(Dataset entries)
☆ ☆ ☆

(* Let $\tilde A\in\widetilde{SL}(2,\mathbb R)$, let $a\in\mathbb R$, let $b:=\tilde A(a)$, so that $I:=[a,b)$ is a fundamental domain of $\mathbb R/\langle\tilde A\rangle$, and let $W(I)$ denote the winding number of $(a,b)$. Then: (1) if $\tilde A$ is conjugate to $\tilde E_\alpha$ with $\alpha>0$, then $W(I)=n$ if and only if $\alpha=n\pi$, and otherwise $W(I)=n+\frac12$, where $n\pi<\alpha<(n+1)\pi$; (2) if $\tilde A$ is conjugate to $\tilde P^+_n$, respectively $\tilde P^-_n$, with $n\in\mathbb N^*$, then $n-\frac12\le W(I)\le n$, respectively $n\le W(I)\le n+\frac12$; (3) if $\tilde A$ is conjugate to $\tilde H_n(\lambda)$ with $\lambda>1$ and $n\in\mathbb N^*$, then $n-\frac12\le W(I)\le n+\frac12$. In cases (2) and (3), $W(I)$ is an integer if and only if $\pi(a)\in\mathbb{RP}^1$ is a fixed point of the projection $\hat A\in PSL(2,\mathbb R)$ of $\tilde A$. Moreover, the bounds in the inequalities above are attained (for suitable $a$).
   Context: Let $\pi:\mathbb R\to\mathbb{RP}^1$, $\pi(t)=[\cos t:\sin t]$, $\bar\pi(t)=(\cos t,\sin t)\in S^1$; $SL(2,\mathbb R)$ acts on $S^1$ by $A\cdot v=Av/\|Av\|$ and $PSL(2,\mathbb R)$ on $\mathbb{RP}^1$ by homographies. $\widetilde{SL}(2,\mathbb R)$ is the group of diffeomorphisms $\tilde A$ of $\mathbb R$ with $\bar\pi\circ\tilde A=A\cdot\bar\pi$ for some $A\in SL(2,\mathbb R)$; its projection $\hat A\in PSL(2,\mathbb R)$ is the class of $A$, and $\pi\circ\tilde A=\hat A\circ\pi$. $\tilde E_\alpha(x)=x+\alpha$. For $\hat A\in PSL(2,\mathbb R)$ with a fixed point in $\mathbb{RP}^1$, its canonical lift $\tilde A_0$ is the unique lift having a fixed point in $\mathbb R$. With $P^\pm=\begin{pmatrix}1&\pm1\\0&1\end{pmatrix}$ and $H(\lambda)=\begin{pmatrix}\lambda&0\\0&\lambda^{-1}\end{pmatrix}$ ($\lambda>0$, $\lambda\ne1$), let $\tilde P^\pm_0$, $\tilde H_0(\lambda)$ be the canonical lifts of their classes and $\tilde P^\pm_n:=\tilde P^\pm_0\tilde E_{n\pi}$, $\tilde H_n(\lambda):=\tilde H_0(\lambda)\tilde E_{n\pi}$. Conjugacy is in $\widetilde{SL}(2,\mathbb R)$. Winding number: for $a<b$, $W((a,b))=k$ if $b=a+k\pi$, $k\in\mathbb N$, and $W((a,b))=k+\frac12$ if $a+k\pi<b<a+(k+1)\pi$, $k\in\mathbb N$. *)

From Stdlib Require Import Reals Lra ClassicalEpsilon.
From Coquelicot Require Import Coquelicot.
Open Scope R_scope.

Record mat := Mat { m11 : R; m12 : R; m21 : R; m22 : R }.
Definition det (A : mat) : R := m11 A * m22 A - m12 A * m21 A.
Definition mopp (A : mat) : mat := Mat (- m11 A) (- m12 A) (- m21 A) (- m22 A).
Definition mapply (A : mat) (v : R * R) : R * R :=
  (m11 A * fst v + m12 A * snd v, m21 A * fst v + m22 A * snd v).
Definition vnorm (v : R * R) : R := sqrt (fst v ^ 2 + snd v ^ 2).

Definition actS1 (A : mat) (v : R * R) : R * R :=
  let w := mapply A v in (fst w / vnorm w, snd w / vnorm w).

Definition barpi (t : R) : R * R := (cos t, sin t).

Definition smooth (f : R -> R) : Prop := forall (n : nat) (x : R), ex_derive_n f n x.
Definition diffeo (f : R -> R) : Prop :=
  exists g : R -> R, (forall x, g (f x) = x) /\ (forall x, f (g x) = x)
                     /\ smooth f /\ smooth g.

Definition lifts (A : mat) (f : R -> R) : Prop :=
  forall t, barpi (f t) = actS1 A (barpi t).

Definition tildeSL (f : R -> R) : Prop :=
  diffeo f /\ exists A : mat, det A = 1 /\ lifts A f.

(* f in \widetilde{SL} projects to the class \hat A of A in PSL(2,R) *)
Definition projects_to (A : mat) (f : R -> R) : Prop :=
  tildeSL f /\ (lifts A f \/ lifts (mopp A) f).

(* canonical lift of \hat A: the unique lift with a fixed point in R *)
Definition is_canonical_lift (A : mat) (f : R -> R) : Prop :=
  projects_to A f /\ exists x, f x = x.
Definition canonical_lift (A : mat) : R -> R :=
  epsilon (inhabits (fun x : R => x)) (is_canonical_lift A).

Definition tE (alpha : R) : R -> R := fun x => x + alpha.
Definition Pplus : mat := Mat 1 1 0 1.
Definition Pminus : mat := Mat 1 (-1) 0 1.
Definition Hmat (lam : R) : mat := Mat lam 0 0 (/ lam).

Definition tPplus (n : nat) : R -> R :=
  fun x => canonical_lift Pplus (tE (INR n * PI) x).
Definition tPminus (n : nat) : R -> R :=
  fun x => canonical_lift Pminus (tE (INR n * PI) x).
Definition tH (lam : R) (n : nat) : R -> R :=
  fun x => canonical_lift (Hmat lam) (tE (INR n * PI) x).

Definition conjugate (F G : R -> R) : Prop :=
  exists g, tildeSL g /\ forall x, F (g x) = g (G x).

Definition winding_rel (a b w : R) : Prop :=
  (exists k : nat, b = a + INR k * PI /\ w = INR k) \/
  (exists k : nat, a + INR k * PI < b < a + (INR k + 1) * PI /\ w = INR k + / 2).
Definition W (a b : R) : R := epsilon (inhabits 0) (winding_rel a b).

(* RP^1: projective equality of nonzero vectors; \pi(t) = [cos t : sin t] *)
Definition proj_eq (u v : R * R) : Prop :=
  exists l : R, l <> 0 /\ u = (l * fst v, l * snd v).
Definition fixed_by_proj (F : R -> R) (t : R) : Prop :=
  exists A : mat, det A = 1 /\ lifts A F /\ proj_eq (mapply A (barpi t)) (barpi t).

Definition is_integer (x : R) : Prop := exists k : Z, x = IZR k.

From Pilot Require Import Defs.
From Stdlib Require Import Reals Lra Lia ZArith ClassicalEpsilon.
From Coquelicot Require Import Coquelicot.
Open Scope R_scope.

(* Every g in the universal cover commutes with translation by PI and maps (t, t + PI) into
   (g t, g t + PI), so it preserves the winding class of intervals: W (g x) (g y) = W x y.
   For F = g o c o E_(n PI) o g^-1 the interval [g x, F (g x)) thus winds like [x, c x + n PI).
   For the canonical lift c of an upper triangular A with positive definite symmetric part,
   c x - x lies in (-PI, PI) and has the sign of the cross product of barpi x and A barpi x,
   namely -sin^2 x, sin^2 x or (1/lam - lam) sin x cos x for P+, P- and H(lam); this gives
   W = n - 1/2, n or n + 1/2, the integer value occurring exactly when barpi x is an
   eigenvector.  Canonical lifts exist: t + atan (cross / dot) is an explicit smooth one. *)

(** * Smooth functions *)

Fixpoint Cn (n : nat) (f : R -> R) : Prop :=
  match n with
  | O => True
  | S m => exists f' : R -> R, (forall x, is_derive f x (f' x)) /\ Cn m f'
  end.

Lemma Cn_ext n : forall f g, (forall x, f x = g x) -> Cn n f -> Cn n g.
Proof.
induction n as [|n IH]; simpl; auto.
intros f g E [f' [Hf Hf']]. exists f'. split; auto.
intro x. apply is_derive_ext with f; auto.
Qed.

Lemma Cn_S n : forall f, Cn (S n) f -> Cn n f.
Proof.
induction n as [|n IH]; simpl; auto.
intros f [f' [Hf Hf']]. exists f'. split; auto.
Qed.

Lemma Cn_const n : forall c, Cn n (fun _ => c).
Proof.
induction n as [|n IH]; simpl; auto.
intro c. exists (fun _ => 0). split; auto.
intro x. apply (is_derive_const c x).
Qed.

Lemma Cn_id n : Cn n (fun x => x).
Proof.
destruct n; simpl; auto.
exists (fun _ => 1). split; [intro x; apply (is_derive_id x) | apply Cn_const].
Qed.

Lemma Cn_plus n : forall f g, Cn n f -> Cn n g -> Cn n (fun x => f x + g x).
Proof.
induction n as [|n IH]; simpl; auto.
intros f g [f' [Hf Hf']] [g' [Hg Hg']].
exists (fun x => f' x + g' x). split; auto.
intro x. apply (is_derive_plus f g x (f' x) (g' x)); auto.
Qed.

Lemma Cn_mult n : forall f g, Cn n f -> Cn n g -> Cn n (fun x => f x * g x).
Proof.
induction n as [|n IH]; simpl; auto.
intros f g Hf Hg.
pose proof (Cn_S n f Hf) as Hf0. pose proof (Cn_S n g Hg) as Hg0.
destruct Hf as [f' [Hf Hf']], Hg as [g' [Hg Hg']].
exists (fun x => f' x * g x + f x * g' x). split.
- intro x. apply (is_derive_mult f g x (f' x) (g' x)); auto. intros; apply Rmult_comm.
- apply Cn_plus; apply IH; auto.
Qed.

Lemma Cn_minus n f g : Cn n f -> Cn n g -> Cn n (fun x => f x - g x).
Proof.
intros Hf Hg. apply Cn_ext with (fun x => f x + (-1) * g x); [intro; ring|].
apply Cn_plus; auto. apply Cn_mult; auto. apply Cn_const.
Qed.

Lemma Cn_inv n : forall g, (forall x, g x <> 0) -> Cn n g -> Cn n (fun x => / g x).
Proof.
induction n as [|n IH]; simpl; auto.
intros g Hnz Hg. pose proof (Cn_S n g Hg) as Hg0.
destruct Hg as [g' [Hg Hg']].
exists (fun x => -1 * g' x * (/ g x * / g x)). split.
- intro x. replace (-1 * g' x * (/ g x * / g x)) with (- g' x / g x ^ 2)
    by (field; apply Hnz).
  apply is_derive_inv; auto.
- apply Cn_mult; [apply Cn_mult; [apply Cn_const | auto] | apply Cn_mult; apply IH; auto].
Qed.

Lemma Cn_comp n : forall f g, Cn n f -> Cn n g -> Cn n (fun x => g (f x)).
Proof.
induction n as [|n IH]; simpl; auto.
intros f g Hf Hg.
pose proof (Cn_S n f Hf) as Hf0. pose proof (Cn_S n g Hg) as Hg0.
destruct Hf as [f' [Hf Hf']], Hg as [g' [Hg Hg']].
exists (fun x => g' (f x) * f' x). split.
- intro x. rewrite Rmult_comm. apply (is_derive_comp g f x (g' (f x)) (f' x)); auto.
- apply Cn_mult; auto.
Qed.

Lemma Cn_sin_cos n : Cn n sin /\ Cn n cos.
Proof.
induction n as [|n [IHs IHc]]; simpl; auto.
split.
- exists cos. split; auto. intro x. apply is_derive_Reals, derivable_pt_lim_sin.
- exists (fun x => -1 * sin x). split.
  + intro x. apply is_derive_Reals. replace (-1 * sin x) with (- sin x) by ring.
    apply derivable_pt_lim_cos.
  + apply Cn_mult; auto. apply Cn_const.
Qed.

Lemma Cn_atan n : Cn n atan.
Proof.
destruct n; simpl; auto.
exists (fun x => / (1 + x * x)). split.
- intro x. apply is_derive_Reals. replace (x * x) with (x ^ 2) by ring.
  apply derivable_pt_lim_atan.
- apply Cn_inv; [intro x; nra|].
  apply Cn_plus; [apply Cn_const | apply Cn_mult; apply Cn_id].
Qed.

Lemma Derive_n_S_is_derive f f' : (forall x, is_derive f x (f' x)) ->
  forall m x, Derive_n f (S m) x = Derive_n f' m x.
Proof.
intros Hf m. induction m as [|m IH]; intro x.
- apply is_derive_unique, Hf.
- apply Derive_ext, IH.
Qed.

Lemma Cn_ex_derive_n n : forall f, Cn n f -> forall x, ex_derive_n f n x.
Proof.
induction n as [|n IH]; simpl; auto.
intros f [f' [Hf Hf']] x. destruct n as [|n].
- exists (f' x). apply Hf.
- apply ex_derive_ext with (Derive_n f' n).
  + intro t. symmetry. apply Derive_n_S_is_derive, Hf.
  + apply (IH f' Hf' x).
Qed.

Lemma smooth_Cn f : (forall n, Cn n f) -> smooth f.
Proof. intros H n x. apply (Cn_ex_derive_n n), H. Qed.

Ltac solve_Cn := repeat match goal with
 | |- Cn _ (fun x => _ + _) => apply Cn_plus
 | |- Cn _ (fun x => _ - _) => apply Cn_minus
 | |- Cn _ (fun x => _ * _) => apply Cn_mult
 | |- Cn ?n sin => exact (proj1 (Cn_sin_cos n))
 | |- Cn ?n cos => exact (proj2 (Cn_sin_cos n))
 | |- Cn _ (fun x => x) => apply Cn_id
 | |- Cn _ (fun _ => ?c) => apply Cn_const
 end.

☆ ☆ ☆

Work item -
Using the data above, reproduce exactly the lines between those holding "Definition vnorm (v" and "Definition tPminus (n", inclusive, and no others.

Worked solution -
Definition vnorm (v : R * R) : R := sqrt (fst v ^ 2 + snd v ^ 2).

Definition actS1 (A : mat) (v : R * R) : R * R :=
  let w := mapply A v in (fst w / vnorm w, snd w / vnorm w).

Definition barpi (t : R) : R * R := (cos t, sin t).

Definition smooth (f : R -> R) : Prop := forall (n : nat) (x : R), ex_derive_n f n x.
Definition diffeo (f : R -> R) : Prop :=
  exists g : R -> R, (forall x, g (f x) = x) /\ (forall x, f (g x) = x)
                     /\ smooth f /\ smooth g.

Definition lifts (A : mat) (f : R -> R) : Prop :=
  forall t, barpi (f t) = actS1 A (barpi t).

Definition tildeSL (f : R -> R) : Prop :=
  diffeo f /\ exists A : mat, det A = 1 /\ lifts A f.

(* f in \widetilde{SL} projects to the class \hat A of A in PSL(2,R) *)
Definition projects_to (A : mat) (f : R -> R) : Prop :=
  tildeSL f /\ (lifts A f \/ lifts (mopp A) f).

(* canonical lift of \hat A: the unique lift with a fixed point in R *)
Definition is_canonical_lift (A : mat) (f : R -> R) : Prop :=
  projects_to A f /\ exists x, f x = x.
Definition canonical_lift (A : mat) : R -> R :=
  epsilon (inhabits (fun x : R => x)) (is_canonical_lift A).

Definition tE (alpha : R) : R -> R := fun x => x + alpha.
Definition Pplus : mat := Mat 1 1 0 1.
Definition Pminus : mat := Mat 1 (-1) 0 1.
Definition Hmat (lam : R) : mat := Mat lam 0 0 (/ lam).

Definition tPplus (n : nat) : R -> R :=
  fun x => canonical_lift Pplus (tE (INR n * PI) x).
Definition tPminus (n : nat) : R -> R :=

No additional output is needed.